Z kolei „Koelner Stadt-Anzeiger” uważa, że Niemcy jako kraj imigracyjny wcale nie są tak atrakcyjne, jak wskazywałyby na to niektóre z debat. „Jeśli spojrzeć pod kątem czynników decydujących o sukcesie kraju imigracyjnego, takich jak napływ wykwalifikowanej siły roboczej, integracja i nadawanie obywatelstwa, Niemcy nie wypadają tutaj najlepiej” – wskazuje dziennik. Rekrutacja personelu opiekuńczego za granicą prowadzona jest wyłączenie w niewielkim stopniu, uznawanie zagranicznych stopni naukowych jest co najmniej tak skomplikowane jak niemiecka gramatyka, a jeśli chodzi o nadawanie obywatelstwa, Niemcy w europejskim rankingu plasują się w jego dolnej części.

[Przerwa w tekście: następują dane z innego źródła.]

Lemma vanish_mod_exp1DX_sub1 N m :
  vanish_mod pi (p ^ N) ((1 + 'X) ^+ m - 1) <-> (p ^ N %| m)%N.
Proof.
have vanish_pN : vanish_mod pi (p ^ N) ((1 + 'X : {poly R}) ^+ (p ^ N) - 1).
  move=> [|t] ltM; rewrite coefB coef_exp1DX coef1 ?bin0 ?subrr; first exact: pi_dvd0.
  by rewrite subr0; apply/pi_dvd_natr/dvdn_bin_pfactor.
have vanish_pNk k : vanish_mod pi (p ^ N) ((1 + 'X : {poly R}) ^+ (p ^ N * k) - 1).
  by rewrite exprM subrX1; apply: vanish_modMr.
split=> [vm|/dvdnP [k ->]]; last by rewrite mulnC.
set r := (m %% p ^ N)%N; set q := (m %/ p ^ N)%N.
have vr : vanish_mod pi (p ^ N) ((1 + 'X : {poly R}) ^+ r - 1).
  have -> : (1 + 'X : {poly R}) ^+ r - 1 =
      ((1 + 'X) ^+ m - 1) - (1 + 'X) ^+ r * ((1 + 'X) ^+ (p ^ N * q) - 1).
    by rewrite [in RHS](divn_eq m (p ^ N)) -/q -/r mulnC exprD; ring.
  by apply: vanish_modB => //; apply: vanish_modMl.
have ltrM : (r < p ^ N)%N by rewrite ltn_pmod ?expn_gt0 ?prime_gt0.
apply: contraT => ndvd; have := vr _ ltrM; rewrite coefB coef_exp1DX binn coef1.
by rewrite (negPf ndvd : (r == 0%N) = false) subr0; move/pi_ndvd1.
Qed.

End ResidueCharacteristic.

Definition geomX (R : nzRingType) (c : nat) : {poly R} := \sum_(i < c) (1 + 'X) ^+ i.

Lemma mulX_geomX (R : nzRingType) c : 'X * geomX R c = (1 + 'X) ^+ c - 1.
Proof. by rewrite subrX1 addrAC subrr add0r. Qed.

Lemma comp_exp1DX_mulX_geomX (R : comNzRingType) A c :
  (1 + 'X) ^+ A \Po ('X * geomX R c) = (1 + 'X) ^+ (c * A).
Proof. by rewrite mulX_geomX rmorphXn rmorphD rmorph1 /= comp_polyX addrC subrK exprM. Qed.

Section GammaPowers.

Variables (O : idomainType) (pi : O) (p : nat) (iota : (nat -> nat) -> O).
Hypotheses (p_pr : prime p) (pi_dvd_p : pi_dvd pi p%:R) (pi_nonunit : pi \isn't a GRing.unit).
Hypothesis iotaP : zp_embedding p iota.

Lemma pi_dvd_zbinom a i K : zp p a -> (1 + logn p i`! <= K)%N ->
  pi_dvd pi (iota (zbinom p a i) - 'C(a K, i)%:R).
Proof.
move=> za le_K; have [c iota_c] := iotaP (zp_zbinom p_pr i za) 1.
rewrite -[iota _](subrK (zbinom p a i 1)%:R) -addrA; apply: pi_dvdD.
  by rewrite iota_c expr1; apply: pi_dvdMr.
apply: (pi_dvd_natrB pi_dvd_p); rewrite /zbinom expn1 modn_mod.
have := @bin_cong p 1 i (a (1 + logn p i`!)) (a K) p_pr; rewrite expn1; apply.
by apply/esym/zp_cong.
Qed.

Lemma vanish_mod_gamma_pow_m1 M c1 c2 a1 a2 K : zp p a1 -> zp p a2 -> (0 < M)%N ->
  (forall i, (i < M)%N -> (1 + logn p i`! <= K)%N) ->
  vanish_mod pi M (subst2 ('X * geomX O c1) ('X * geomX O c2)
                     (trunc2 M (gamma_pow_m1 p iota a1 a2))
                   - ((1 + 'X) ^+ (c1 * a1 K + c2 * a2 K) - 1)).
Proof.
move=> za1 za2 M_gt0 le_K.
rewrite trunc2B trunc2_const // subst2B subst2C comp_polyC opprB addrA subrK.
have -> : (1 + 'X) ^+ (c1 * a1 K + c2 * a2 K) = subst2 ('X * geomX O c1) ('X * geomX O c2)
    (map_poly polyC ((1 + 'X) ^+ a1 K) * ((1 + 'X) ^+ a2 K)%:P).
  by rewrite subst2M subst2_polyC subst2C !comp_exp1DX_mulX_geomX exprD.
rewrite -subst2B; apply: vanish_mod_subst2 => i j ltiM ltjM.
rewrite coefB coefB coef_trunc2 // coefMC coef_map coefCM /= !coef_exp1DX /gamma_pow.
set x1 := iota _; set x2 := iota _.
rewrite (_ : x1 * x2 - _ =
    (x1 - 'C(a1 K, i)%:R) * x2 + 'C(a1 K, i)%:R * (x2 - 'C(a2 K, j)%:R)); last by ring.
by apply: pi_dvdD; [apply: pi_dvdMr | apply: pi_dvdMl]; apply: pi_dvd_zbinom => //; apply: le_K.
Qed.

Lemma ideal2_gamma_pow_m1_cross a1 a2 b1 b2 :
  zp p a1 -> zp p a2 -> zp p b1 -> zp p b2 ->
  ideal2 (gamma_pow_m1 p iota a1 a2) (ps_const pi) (gamma_pow_m1 p iota b1 b2) ->
  forall N, (a1 N * b2 N = a2 N * b1 N %[mod p ^ N])%N.
Proof.
move=> za1 za2 zb1 zb2 b_in N.
set M := (p ^ N)%N; set K := (N.+1 + logn p M`!)%N.
have M_gt0 : (0 < M)%N by rewrite expn_gt0 prime_gt0.
have le_K i : (i < M)%N -> (1 + logn p i`! <= K)%N.
  move=> ltiM; apply: leq_add => //; apply: dvdn_leq_log; first exact: fact_gt0.
  by rewrite (fact_split (ltnW ltiM)) dvdn_mulr.
set c1 := a2 K; set c2 := (M.-1 * a1 K)%N.
set S := subst2 ('X * geomX O c1) ('X * geomX O c2).
have va := vanish_mod_gamma_pow_m1 c1 c2 za1 za2 M_gt0 le_K.
have vb := vanish_mod_gamma_pow_m1 c1 c2 zb1 zb2 M_gt0 le_K.
have vpi : vanish_mod pi M (S (trunc2 M (ps_const pi))).
  rewrite /S trunc2_const // subst2C comp_polyC.
  by apply: vanish_modC; exists 1; rewrite mulr1.
have {}va : vanish_mod pi M (S (trunc2 M (gamma_pow_m1 p iota a1 a2))).
  rewrite -[S _](subrK ((1 + 'X) ^+ (c1 * a1 K + c2 * a2 K) - 1)); apply: vanish_modD va _.
  apply/(vanish_mod_exp1DX_sub1 p_pr pi_dvd_p pi_nonunit).
  by rewrite /c1 /c2 -mulnA (mulnC (a2 K)) -mulSn prednK // dvdn_mulr.
have := vanish_modB (vanish_mod_subst2_ideal2 b_in va vpi) vb.
rewrite subKr => /(vanish_mod_exp1DX_sub1 p_pr pi_dvd_p pi_nonunit).
rewrite /c2 -mulnA (mulnC c1) => /(eqmod_dvdn_add_predM M_gt0) cross_K.
have le_NK : (N <= K)%N by rewrite ltnW // ltnS leq_addr.
have prodK x y : zp p x -> zp p y -> (x K * y K = x N * y N %[mod M])%N.
  by move=> zx zy; rewrite -modnMm (zp_cong zx le_NK) (zp_cong zy le_NK) modnMm.
by rewrite -prodK // -cross_K mulnC prodK.
Qed.

End GammaPowers.

Lemma ideal2_meml (R : nzRingType) (f g : ps2 R) : ideal2 f g f.
Proof.
exists (ps_const 1), (fun _ _ => 0) => i j; rewrite /ps_add /ps_mul.
rewrite [X in _ + X]big1 => [|k _]; last by rewrite big1 // => l _; rewrite mul0r.
rewrite addr0 big_ord_recl big_ord_recl /= !subn0 mul1r.
rewrite big1 ?addr0 => [|l _]; last by rewrite /ps_const /= mul0r.
by rewrite big1 ?addr0 // => k _; rewrite big1 // => l _; rewrite /ps_const /= mul0r.
Qed.

Unset Implicit Arguments.

Theorem lemma6p4 (p : nat) (O : idomainType) (pi : O) (iota : (nat -> nat) -> O)
  (a1 a2 b1 b2 : nat -> nat) :
  prime p -> padic_int_ring p pi -> zp_embedding p iota ->
  zp p a1 -> zp p a2 -> zp p b1 -> zp p b2 ->
  zgen_unit_ideal p a1 a2 -> zgen_unit_ideal p b1 b2 ->
  (forall x : ps2 O,
     ideal2 (gamma_pow_m1 p iota a1 a2) (ps_const pi) x <->
     ideal2 (gamma_pow_m1 p iota b1 b2) (ps_const pi) x) ->
  exists e : nat -> nat,
    [/\ zp p e, zunit p e, zeq b1 (zmul p e a1) & zeq b2 (zmul p e a2)].
Proof.
move=> p_pr [_ [pi_nonunit [_ [_ [[c p_pi] _]]]]] iotaP za1 za2 zb1 zb2 ua ub ideal_eq.
have pi_dvd_p : pi_dvd pi p%:R by exists c.
apply: zp_proportional => //.
apply: (ideal2_gamma_pow_m1_cross p_pr pi_dvd_p pi_nonunit iotaP) => //.
exact/ideal_eq/ideal2_meml.
Qed.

Sprawą zaległą jest to, że rząd koalicyjny postanowił ułatwić napływ wykwalifikowanej siły roboczej, proces integracji i nadawania obywatelstwa. „Przecież leży to w interesie narodowym”.
Inaczej ocenia sytuację „Munchener Merkur”, według którego plan minister spraw wewnętrznych Nancy Faeser z SPD dotyczący nowego prawa regulującego nadawanie obywatelstwa jest fałszywym sygnałem wysłanym w nieodpowiednim momencie. „Niemcy ogrania właśnie druga wielka fala niekontrolowanej migracji, rząd koalicyjny SPD, Zielonych i FDP ma ogromne problemy z opanowaniem imigracji szlakiem bałkańskim, nie mówiąc już o obiecanej organizacji powrotu dopuszczających się przestępstw nielegalnych imigrantów” – uważa dziennik regionalny. I dodaje, że zamiast uporządkować ten chaos, „SPD i Zieloni poprzez ułatwienia w otrzymywaniu niemieckiego paszportu chcą wysłać nowy zapraszający sygnał w świat, który podobnie jak swego czasu kultura powitania Angeli Merkel, nie zostanie zignorowany”. Zdaniem komentatora, jest to igranie z ogniem, także dlatego, że prowadzi do ograniczenia akceptacji w społeczeństwie dla potrzebnej imigracji siły roboczej, jak również dla uchodźców wojennych. „Rząd, który nie zwraca uwagi na to, kto przyjeżdża do kraju i kto dostanie paszport, rezygnuje z centralnych elementów państwowości” – pisze dziennikarz.